## What the task asks
Find each line below containing the word "derivative" and copy it.

(Dataset records)
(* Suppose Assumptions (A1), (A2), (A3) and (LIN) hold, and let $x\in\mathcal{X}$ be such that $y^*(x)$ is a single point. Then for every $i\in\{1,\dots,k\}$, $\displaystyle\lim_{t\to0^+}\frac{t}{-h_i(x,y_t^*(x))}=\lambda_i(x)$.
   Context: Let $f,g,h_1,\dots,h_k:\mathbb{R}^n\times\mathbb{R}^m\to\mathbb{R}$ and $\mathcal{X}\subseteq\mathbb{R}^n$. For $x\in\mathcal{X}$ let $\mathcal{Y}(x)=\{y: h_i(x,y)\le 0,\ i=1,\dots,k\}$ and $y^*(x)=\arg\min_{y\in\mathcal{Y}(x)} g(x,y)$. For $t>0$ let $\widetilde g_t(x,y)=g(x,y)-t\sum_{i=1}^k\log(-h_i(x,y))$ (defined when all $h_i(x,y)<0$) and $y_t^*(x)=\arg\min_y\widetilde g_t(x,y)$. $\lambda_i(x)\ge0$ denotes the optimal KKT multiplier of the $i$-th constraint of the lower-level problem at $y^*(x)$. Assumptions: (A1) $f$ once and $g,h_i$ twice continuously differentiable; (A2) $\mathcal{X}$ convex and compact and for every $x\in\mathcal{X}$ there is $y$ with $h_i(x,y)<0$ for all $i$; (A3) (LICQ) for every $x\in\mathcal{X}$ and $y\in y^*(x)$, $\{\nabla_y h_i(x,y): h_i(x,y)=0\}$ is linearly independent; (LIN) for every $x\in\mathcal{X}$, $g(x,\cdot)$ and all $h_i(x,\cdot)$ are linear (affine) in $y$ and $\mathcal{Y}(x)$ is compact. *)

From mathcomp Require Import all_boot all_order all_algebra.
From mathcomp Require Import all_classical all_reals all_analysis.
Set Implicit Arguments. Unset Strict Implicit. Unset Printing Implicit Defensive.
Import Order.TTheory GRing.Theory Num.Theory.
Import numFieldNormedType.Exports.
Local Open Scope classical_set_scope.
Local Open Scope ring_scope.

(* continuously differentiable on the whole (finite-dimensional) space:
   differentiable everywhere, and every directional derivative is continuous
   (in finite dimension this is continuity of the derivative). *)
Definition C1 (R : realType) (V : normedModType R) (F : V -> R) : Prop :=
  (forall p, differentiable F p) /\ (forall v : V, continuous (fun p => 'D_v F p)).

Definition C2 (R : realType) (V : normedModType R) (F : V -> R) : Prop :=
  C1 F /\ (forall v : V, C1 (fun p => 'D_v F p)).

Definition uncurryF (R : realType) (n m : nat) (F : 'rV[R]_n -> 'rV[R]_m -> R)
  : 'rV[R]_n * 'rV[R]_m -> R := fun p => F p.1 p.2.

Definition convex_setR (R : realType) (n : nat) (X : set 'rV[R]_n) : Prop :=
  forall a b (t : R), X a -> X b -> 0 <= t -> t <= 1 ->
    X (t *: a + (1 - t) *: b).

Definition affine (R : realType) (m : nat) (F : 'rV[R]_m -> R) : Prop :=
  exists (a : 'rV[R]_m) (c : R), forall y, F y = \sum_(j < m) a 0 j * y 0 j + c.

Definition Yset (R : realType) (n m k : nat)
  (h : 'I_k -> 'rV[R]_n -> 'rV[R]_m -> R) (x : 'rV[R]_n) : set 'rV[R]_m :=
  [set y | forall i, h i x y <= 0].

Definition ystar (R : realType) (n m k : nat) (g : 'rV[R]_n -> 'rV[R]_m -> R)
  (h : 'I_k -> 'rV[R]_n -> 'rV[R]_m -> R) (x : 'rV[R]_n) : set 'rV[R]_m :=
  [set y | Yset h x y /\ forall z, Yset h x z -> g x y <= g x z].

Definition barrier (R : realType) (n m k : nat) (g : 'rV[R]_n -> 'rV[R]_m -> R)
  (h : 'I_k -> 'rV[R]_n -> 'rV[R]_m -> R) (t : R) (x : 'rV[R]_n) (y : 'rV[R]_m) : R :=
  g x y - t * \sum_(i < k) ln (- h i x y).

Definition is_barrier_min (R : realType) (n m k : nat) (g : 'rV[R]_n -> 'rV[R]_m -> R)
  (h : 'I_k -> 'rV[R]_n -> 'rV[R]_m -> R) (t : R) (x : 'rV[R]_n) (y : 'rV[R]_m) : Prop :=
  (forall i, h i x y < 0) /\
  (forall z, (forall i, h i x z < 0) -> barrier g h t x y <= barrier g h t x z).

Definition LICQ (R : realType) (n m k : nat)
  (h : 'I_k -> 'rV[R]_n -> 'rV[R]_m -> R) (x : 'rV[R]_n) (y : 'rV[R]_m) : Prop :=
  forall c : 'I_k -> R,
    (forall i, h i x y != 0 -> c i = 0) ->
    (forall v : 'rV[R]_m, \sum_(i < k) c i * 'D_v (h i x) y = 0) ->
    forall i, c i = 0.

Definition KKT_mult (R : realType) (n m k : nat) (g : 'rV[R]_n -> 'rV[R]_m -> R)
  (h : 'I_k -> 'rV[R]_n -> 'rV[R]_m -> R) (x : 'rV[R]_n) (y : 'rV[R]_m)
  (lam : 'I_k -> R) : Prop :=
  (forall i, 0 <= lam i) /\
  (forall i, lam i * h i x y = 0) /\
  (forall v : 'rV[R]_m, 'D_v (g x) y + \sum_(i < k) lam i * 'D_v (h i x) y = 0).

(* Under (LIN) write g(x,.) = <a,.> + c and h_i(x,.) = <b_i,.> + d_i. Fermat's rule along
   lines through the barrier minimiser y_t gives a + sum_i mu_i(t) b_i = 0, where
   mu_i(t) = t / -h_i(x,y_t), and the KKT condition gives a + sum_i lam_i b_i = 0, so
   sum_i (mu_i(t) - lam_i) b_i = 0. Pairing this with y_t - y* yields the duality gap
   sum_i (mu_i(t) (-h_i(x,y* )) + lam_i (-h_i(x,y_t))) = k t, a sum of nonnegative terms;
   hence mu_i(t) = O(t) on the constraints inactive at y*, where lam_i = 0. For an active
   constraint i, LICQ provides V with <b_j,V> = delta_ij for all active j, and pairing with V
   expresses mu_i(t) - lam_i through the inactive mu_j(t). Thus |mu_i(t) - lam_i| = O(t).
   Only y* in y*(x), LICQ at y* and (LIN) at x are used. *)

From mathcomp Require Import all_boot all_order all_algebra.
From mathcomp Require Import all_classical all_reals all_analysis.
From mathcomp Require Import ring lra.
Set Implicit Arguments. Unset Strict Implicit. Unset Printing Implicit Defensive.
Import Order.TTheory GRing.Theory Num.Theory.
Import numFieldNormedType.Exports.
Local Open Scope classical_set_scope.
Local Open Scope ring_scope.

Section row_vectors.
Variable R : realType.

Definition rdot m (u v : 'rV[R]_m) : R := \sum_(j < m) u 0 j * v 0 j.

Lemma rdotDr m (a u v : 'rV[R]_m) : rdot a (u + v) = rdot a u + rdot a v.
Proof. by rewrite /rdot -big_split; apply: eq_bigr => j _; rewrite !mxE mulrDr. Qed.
--
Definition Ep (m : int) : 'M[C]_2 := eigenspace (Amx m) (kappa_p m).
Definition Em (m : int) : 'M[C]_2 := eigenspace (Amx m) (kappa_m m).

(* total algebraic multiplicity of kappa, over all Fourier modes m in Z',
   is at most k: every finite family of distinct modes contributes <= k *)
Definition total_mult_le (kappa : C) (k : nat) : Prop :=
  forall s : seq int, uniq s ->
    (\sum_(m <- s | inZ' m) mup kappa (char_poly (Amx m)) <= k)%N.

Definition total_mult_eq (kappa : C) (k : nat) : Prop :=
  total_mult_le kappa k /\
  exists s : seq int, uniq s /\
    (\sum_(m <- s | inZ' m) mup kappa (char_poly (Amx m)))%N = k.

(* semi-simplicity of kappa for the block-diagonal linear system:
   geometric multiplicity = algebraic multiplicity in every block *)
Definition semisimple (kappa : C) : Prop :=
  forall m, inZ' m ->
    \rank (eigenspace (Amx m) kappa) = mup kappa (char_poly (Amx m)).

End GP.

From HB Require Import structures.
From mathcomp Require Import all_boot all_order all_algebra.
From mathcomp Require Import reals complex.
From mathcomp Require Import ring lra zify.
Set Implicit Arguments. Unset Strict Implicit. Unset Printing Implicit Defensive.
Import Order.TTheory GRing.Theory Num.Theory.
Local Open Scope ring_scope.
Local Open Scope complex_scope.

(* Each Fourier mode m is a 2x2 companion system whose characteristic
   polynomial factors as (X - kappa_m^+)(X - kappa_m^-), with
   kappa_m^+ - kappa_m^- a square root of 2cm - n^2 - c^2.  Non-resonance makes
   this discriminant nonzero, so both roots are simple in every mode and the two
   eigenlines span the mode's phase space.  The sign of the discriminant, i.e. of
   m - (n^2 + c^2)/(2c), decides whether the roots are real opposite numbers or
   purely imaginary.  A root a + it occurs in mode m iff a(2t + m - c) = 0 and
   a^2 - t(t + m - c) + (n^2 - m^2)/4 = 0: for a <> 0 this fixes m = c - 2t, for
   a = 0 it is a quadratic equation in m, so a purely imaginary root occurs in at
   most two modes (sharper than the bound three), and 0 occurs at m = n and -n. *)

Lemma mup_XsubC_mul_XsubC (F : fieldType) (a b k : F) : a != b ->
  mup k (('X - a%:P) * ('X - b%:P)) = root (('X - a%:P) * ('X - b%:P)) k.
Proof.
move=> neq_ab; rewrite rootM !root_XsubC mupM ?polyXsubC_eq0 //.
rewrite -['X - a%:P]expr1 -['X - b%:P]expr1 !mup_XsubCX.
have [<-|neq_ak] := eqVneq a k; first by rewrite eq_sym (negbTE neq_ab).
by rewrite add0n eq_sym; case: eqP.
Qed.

## Task result
   differentiable everywhere, and every directional derivative is continuous
   (in finite dimension this is continuity of the derivative). *)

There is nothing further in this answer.